» **YOUR OBJECTIVE**: For the records that follow, please set down exactly the lines between the one holding "Definition is_hilbert (V" and the one holding "forall x, dom x -> ipW (f x) y = ipV x z.", inclusive, and only those.

┄┄┄┄┄┄┄┄┄┄┄┄┄┄┄┄┄┄┄┄

(* Let $\mathcal X,\mathcal Y$ be complex Hilbert spaces and $A:\mathcal X\supset\operatorname{dom}A\to\mathcal Y$ a closed, densely defined linear operator with $\|Ax\|_{\mathcal Y}\ge c\|x\|_{\mathcal X}$ for some $c>0$ and all $x\in\operatorname{dom}A$. Let $\mathcal X_h$ denote $\operatorname{dom}A$ with inner product $\langle x,y\rangle_{\mathcal X_h}=\langle Ax,Ay\rangle_{\mathcal Y}$, and $\mathcal Z_h:=\mathcal X_h\times\mathcal X$ with the product inner product. Let $B:\mathcal Y\supset\operatorname{dom}B\to\mathcal X$ be closed, densely defined, with $A^*\subset-B$. Define $\mathcal A:\mathcal Z_h\supset\operatorname{dom}\mathcal A\to\mathcal Z_h$ by $\operatorname{dom}\mathcal A=\{(z_1,z_2)\in\mathcal X_h\times\mathcal X_h:\ Az_1\in\operatorname{dom}B\}$, $\mathcal A(z_1,z_2)=(z_2,\,BAz_1)$, and $\mathcal A_{\mathrm s}:\mathcal Z_h\supset\operatorname{dom}\mathcal A_{\mathrm s}\to\mathcal Z_h$ by $\operatorname{dom}\mathcal A_{\mathrm s}=\{(z_1,z_2)\in\mathcal X_h\times\mathcal X_h:\ z_1\in\operatorname{dom}(A^*A)\}$, $\mathcal A_{\mathrm s}(z_1,z_2)=(z_2,\,-A^*Az_1)$. Then $\mathcal A$ is densely defined and closed in $\mathcal Z_h$, $\mathcal A_{\mathrm s}\subset\mathcal A$, and $\mathcal A^*\subset-\mathcal A$ (adjoint taken in $\mathcal Z_h$).
   Context: $\mathcal X_h$ is a Hilbert space (its norm equals $\|(A^*A)^{1/2}\cdot\|_{\mathcal X}$). For operators, $T_1\subset T_2$ means $T_2$ extends $T_1$. The domain of $\mathcal A_{\mathrm s}$ is equivalently the set of $(z_1,z_2)\in\mathcal X_h\times\mathcal X_h$ for which the functional $y\mapsto\langle Az_1,Ay\rangle_{\mathcal Y}$ on $\mathcal X_h$ is represented by an element of $\mathcal X$ (i.e. $Sz_1\in\mathcal X$ for the extension $S:\mathcal X_h\to\mathcal X_h^*$ of $A^*A$). *)

From HB Require Import structures.
From mathcomp Require Import all_boot all_order all_algebra.
From mathcomp Require Import reals.
From mathcomp.real_closed Require Import complex.
Set Implicit Arguments. Unset Strict Implicit. Unset Printing Implicit Defensive.
Import Order.TTheory GRing.Theory Num.Theory.
Local Open Scope ring_scope.

Section Hilb.
Variable R : realType.
Local Notation C := (R[i]).

Definition is_inner_product (V : lmodType C) (ip : V -> V -> C) : Prop :=
  [/\ (forall (a : C) (x y z : V), ip (a *: x + y) z = a * ip x z + ip y z),
      (forall x y : V, ip y x = conjc (ip x y)),
      (forall x : V, 0 <= ip x x) &
      (forall x : V, ip x x = 0 -> x = 0)].

Definition nrm (V : lmodType C) (ip : V -> V -> C) (x : V) : R :=
  Num.sqrt (complex.Re (ip x x)).

Definition cvg_ip (V : lmodType C) (ip : V -> V -> C) (u : nat -> V) (l : V) :=
  forall e : R, 0 < e -> exists N : nat, forall n, (N <= n)%N -> nrm ip (u n - l) < e.

Definition cauchy_ip (V : lmodType C) (ip : V -> V -> C) (u : nat -> V) :=
  forall e : R, 0 < e -> exists N : nat, forall m n, (N <= m)%N -> (N <= n)%N ->
    nrm ip (u m - u n) < e.

Definition is_hilbert (V : lmodType C) (ip : V -> V -> C) : Prop :=
  is_inner_product ip /\
  forall u : nat -> V, cauchy_ip ip u -> exists l, cvg_ip ip u l.

Definition is_lin_op (V W : lmodType C) (dom : V -> Prop) (f : V -> W) : Prop :=
  [/\ dom 0,
      (forall (a : C) x y, dom x -> dom y -> dom (a *: x + y)) &
      (forall (a : C) x y, dom x -> dom y -> f (a *: x + y) = a *: f x + f y)].

Definition dense_in (V : lmodType C) (ip : V -> V -> C) (S dom : V -> Prop) :=
  forall x, S x -> forall e : R, 0 < e -> exists y, dom y /\ nrm ip (x - y) < e.

Definition closed_op_in (V : lmodType C) (ip : V -> V -> C) (S dom : V -> Prop)
  (f : V -> V) :=
  forall (u : nat -> V) x y, (forall n, dom (u n)) -> S x -> S y ->
    cvg_ip ip u x -> cvg_ip ip (fun n => f (u n)) y -> dom x /\ f x = y.

Definition closed_op (V W : lmodType C) (ipV : V -> V -> C) (ipW : W -> W -> C)
  (dom : V -> Prop) (f : V -> W) :=
  forall (u : nat -> V) x y, (forall n, dom (u n)) ->
    cvg_ip ipV u x -> cvg_ip ipW (fun n => f (u n)) y -> dom x /\ f x = y.

(* graph of the Hilbert-space adjoint of f : V ⊃ dom -> W:
   (y, z) is in the graph of f^* iff <f x, y>_W = <x, z>_V for all x in dom *)
Definition adj_graph (V W : lmodType C) (ipV : V -> V -> C) (ipW : W -> W -> C)
  (dom : V -> Prop) (f : V -> W) (y : W) (z : V) : Prop :=
  forall x, dom x -> ipW (f x) y = ipV x z.

(* The space Z_h = X_h x X, realised as the subset {(z1,z2) | z1 \in dom A}
   of X x X, with inner product <(x1,x2),(y1,y2)> = <A x1, A y1>_Y + <x2,y2>_X. *)
Definition Zh_set (X : lmodType C) (domA : X -> Prop) (p : X * X) : Prop := domA p.1.

Definition Zh_ip (X Y : lmodType C) (ipX : X -> X -> C) (ipY : Y -> Y -> C)
  (A : X -> Y) (p q : X * X) : C := ipY (A p.1) (A q.1) + ipX p.2 q.2.

Definition calA_dom (X Y : lmodType C) (domA : X -> Prop) (A : X -> Y)
  (domB : Y -> Prop) (p : X * X) : Prop :=
  [/\ domA p.1, domA p.2 & domB (A p.1)].

Definition calA (X Y : lmodType C) (A : X -> Y) (B : Y -> X) (p : X * X) : X * X :=
  (p.2, B (A p.1)).

End Hilb.

From HB Require Import structures.
From mathcomp Require Import all_boot all_order all_algebra.
From mathcomp Require Import reals.
From mathcomp.real_closed Require Import complex.
From mathcomp Require Import boolp classical_sets.
From mathcomp.algebra_tactics Require Import ring lra.
Import Order.TTheory GRing.Theory Num.Theory.
Local Open Scope ring_scope.
Local Open Scope complex_scope.

Set Implicit Arguments. Unset Strict Implicit. Unset Printing Implicit Defensive.

(* Coercivity makes the energy norm |A z|_Y dominate |z|_X, and closedness of
   A then makes X_h complete. Riesz representation in X_h, applied to the
   bounded functional z |-> <z, f>_X, solves A^*A u = f for every f in X, so
   {z in dom A | A z in dom B}, which contains dom (A^*A), has trivial
   orthogonal complement in X_h and is dense there; this gives density of
   dom cal A. Closedness of cal A follows componentwise from closedness of B
   and uniqueness of limits in X. If (v, w) is in the graph of cal A^*,
   testing against (0, x) puts (A v1, w2) in the graph of A^* (so in -B),
   and testing against (u, 0) with A^*A u = v2 + w1 forces v2 + w1 = 0.
   Since X_h is a subset of X rather than a type, the Hilbert-space facts
   (Cauchy-Schwarz, projection onto the closure of a subspace, Riesz) are
   proved for an inner product given on a subspace S of an ambient module. *)

Section ComplexFacts.
Variable R : rcfType.
Implicit Types w z : R[i].

Lemma Re_conjc w : complex.Re (conjc w) = complex.Re w.
Proof. by case: w. Qed.

Definition sqrmodc w : R := complex.Re w ^+ 2 + complex.Im w ^+ 2.

Lemma mulcJ_sqrmodc w : w * conjc w = (sqrmodc w)%:C.
Proof.
case: w => a b; apply/eqP; rewrite eq_complex /sqrmodc /=.
by apply/andP; split; apply/eqP; ring.
Qed.

Lemma sqrmodc_ge0 w : 0 <= sqrmodc w.
Proof. by rewrite addr_ge0 ?sqr_ge0. Qed.

Lemma sqrmodc_le0 w : (sqrmodc w <= 0) = (w == 0).
Proof.
rewrite le_eqVlt ltNge sqrmodc_ge0 orbF; case: w => a b.
by rewrite /sqrmodc eq_complex /= paddr_eq0 ?sqr_ge0 // !sqrf_eq0.
Qed.

Lemma sqrmodcM w z : sqrmodc (w * z) = sqrmodc w * sqrmodc z.
Proof. by case: w => a b; case: z => c d; rewrite /sqrmodc /=; ring. Qed.

Lemma sqrmodc_real (x : R) : sqrmodc x%:C = x ^+ 2.
Proof. by rewrite /sqrmodc /= expr0n addr0. Qed.

Lemma sqrRe_le_sqrmodc w : complex.Re w ^+ 2 <= sqrmodc w.
Proof. by rewrite lerDl sqr_ge0. Qed.

End ComplexFacts.

Section RealFacts.
Variable R : realType.

Lemma eventually_inv_lt (e : R) : 0 < e ->
  exists N, forall n, (N <= n)%N -> n.+1%:R^-1 < e.
Proof.
move=> e_gt0; have [N] := ltr_add_invr e_gt0; rewrite add0r => hN.
exists N => n leNn; apply: le_lt_trans hN.
by rewrite lef_pV2 ?posrE // ler_nat.
Qed.

Lemma le_of_quadratic_ge0 (a b q : R) : 0 <= b -> 0 <= q ->
  (forall t, 0 <= a - 2 * t * q + t ^+ 2 * q * b) -> q <= a * b.
Proof.
move=> b_ge0 q_ge0 hquad.
have [b_gt0|b_lt0|b0] := ltrgtP 0 b; last first.
- rewrite -b0 mulr0 leNgt; apply/negP => q_gt0.
  have := hquad ((a + 1) / (2 * q)); rewrite -b0 mulr0 addr0.
  have -> : 2 * ((a + 1) / (2 * q)) * q = a + 1 by field; rewrite gt_eqF.
  lra.
- by move: b_ge0; rewrite leNgt b_lt0.
have := hquad b^-1; rewrite -(ler_pM2r b_gt0) mul0r.
have -> : (a - 2 * b^-1 * q + b^-1 ^+ 2 * q * b) * b = a * b - q by field; rewrite gt_eqF.
by rewrite subr_ge0.
Qed.

End RealFacts.

Section Subspace.
Variables (R : realType) (V : lmodType R[i]).

Definition is_subspace (S : V -> Prop) :=
  S 0 /\ forall (a : R[i]) x y, S x -> S y -> S (a *: x + y).

Variables (S : V -> Prop) (hS : is_subspace S).

Lemma subspaceD x y : S x -> S y -> S (x + y).
Proof. by move=> Sx Sy; have := hS.2 1 _ _ Sx Sy; rewrite scale1r. Qed.

Lemma subspaceZ a x : S x -> S (a *: x).
Proof. by move=> Sx; have := hS.2 a _ _ Sx hS.1; rewrite addr0. Qed.

Lemma subspaceN x : S x -> S (- x).
Proof. by move=> Sx; rewrite -scaleN1r; apply: subspaceZ. Qed.

Lemma subspaceB x y : S x -> S y -> S (x - y).
Proof. by move=> Sx Sy; apply: subspaceD => //; apply: subspaceN. Qed.

End Subspace.

Section LinearOperator.
Variables (R : realType) (V W : lmodType R[i]) (dom : V -> Prop) (f : V -> W).
Hypothesis linf : is_lin_op dom f.

Lemma lin_op_subspace : is_subspace dom.
Proof. by case: linf. Qed.

Lemma lin_opD x y : dom x -> dom y -> f (x + y) = f x + f y.
Proof. by case: linf => _ _ flin Dx Dy; have := flin 1 _ _ Dx Dy; rewrite !scale1r. Qed.

Lemma lin_op0 : f 0 = 0.
Proof.
by case: linf => D0 _ _; apply: (addrI (f 0)); rewrite -lin_opD // !addr0.
Qed.

Lemma lin_opZ a x : dom x -> f (a *: x) = a *: f x.
Proof.
case: linf => D0 _ flin Dx; have := flin a _ _ Dx D0.
by rewrite !addr0 lin_op0 addr0.
Qed.

Lemma lin_opB x y : dom x -> dom y -> f (x - y) = f x - f y.
Proof.
have hD := lin_op_subspace.
move=> Dx Dy; rewrite lin_opD //; last exact: subspaceN.
by rewrite -scaleN1r lin_opZ // scaleN1r.
Qed.

End LinearOperator.

Section InnerProductOn.
Variables (R : realType) (V : lmodType R[i]).
Implicit Types (S : V -> Prop) (ip : V -> V -> R[i]).

Definition is_inner_product_on S ip :=
  [/\ is_subspace S,
      forall (a : R[i]) x y z, S x -> S y -> S z -> ip (a *: x + y) z = a * ip x z + ip y z,
      forall x y, S x -> S y -> ip y x = conjc (ip x y),
      forall x, S x -> 0 <= ip x x &
      forall x, S x -> ip x x = 0 -> x = 0].

Definition complete_on S ip :=
  forall u, (forall n, S (u n)) -> cauchy_ip ip u -> exists2 l, S l & cvg_ip ip u l.

Definition sqnrm ip x : R := complex.Re (ip x x).

Definition adherent ip (M : V -> Prop) x :=
  forall e : R, 0 < e -> exists m, M m /\ nrm ip (x - m) < e.

Lemma inner_product_onT ip : is_inner_product ip -> is_inner_product_on (fun=> True) ip.
Proof.
case=> linip symip posip defip.
by split=> [|a x y z _ _ _|x y _ _|x _|x _]; [split | apply: linip | apply: symip | apply: posip | apply: defip].
Qed.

┄┄┄┄┄┄┄┄┄┄┄┄┄┄┄┄┄┄┄┄

» **EXPECTED ANSWER**:
Definition is_hilbert (V : lmodType C) (ip : V -> V -> C) : Prop :=
  is_inner_product ip /\
  forall u : nat -> V, cauchy_ip ip u -> exists l, cvg_ip ip u l.

Definition is_lin_op (V W : lmodType C) (dom : V -> Prop) (f : V -> W) : Prop :=
  [/\ dom 0,
      (forall (a : C) x y, dom x -> dom y -> dom (a *: x + y)) &
      (forall (a : C) x y, dom x -> dom y -> f (a *: x + y) = a *: f x + f y)].

Definition dense_in (V : lmodType C) (ip : V -> V -> C) (S dom : V -> Prop) :=
  forall x, S x -> forall e : R, 0 < e -> exists y, dom y /\ nrm ip (x - y) < e.

Definition closed_op_in (V : lmodType C) (ip : V -> V -> C) (S dom : V -> Prop)
  (f : V -> V) :=
  forall (u : nat -> V) x y, (forall n, dom (u n)) -> S x -> S y ->
    cvg_ip ip u x -> cvg_ip ip (fun n => f (u n)) y -> dom x /\ f x = y.

Definition closed_op (V W : lmodType C) (ipV : V -> V -> C) (ipW : W -> W -> C)
  (dom : V -> Prop) (f : V -> W) :=
  forall (u : nat -> V) x y, (forall n, dom (u n)) ->
    cvg_ip ipV u x -> cvg_ip ipW (fun n => f (u n)) y -> dom x /\ f x = y.

(* graph of the Hilbert-space adjoint of f : V ⊃ dom -> W:
   (y, z) is in the graph of f^* iff <f x, y>_W = <x, z>_V for all x in dom *)
Definition adj_graph (V W : lmodType C) (ipV : V -> V -> C) (ipW : W -> W -> C)
  (dom : V -> Prop) (f : V -> W) (y : W) (z : V) : Prop :=
  forall x, dom x -> ipW (f x) y = ipV x z.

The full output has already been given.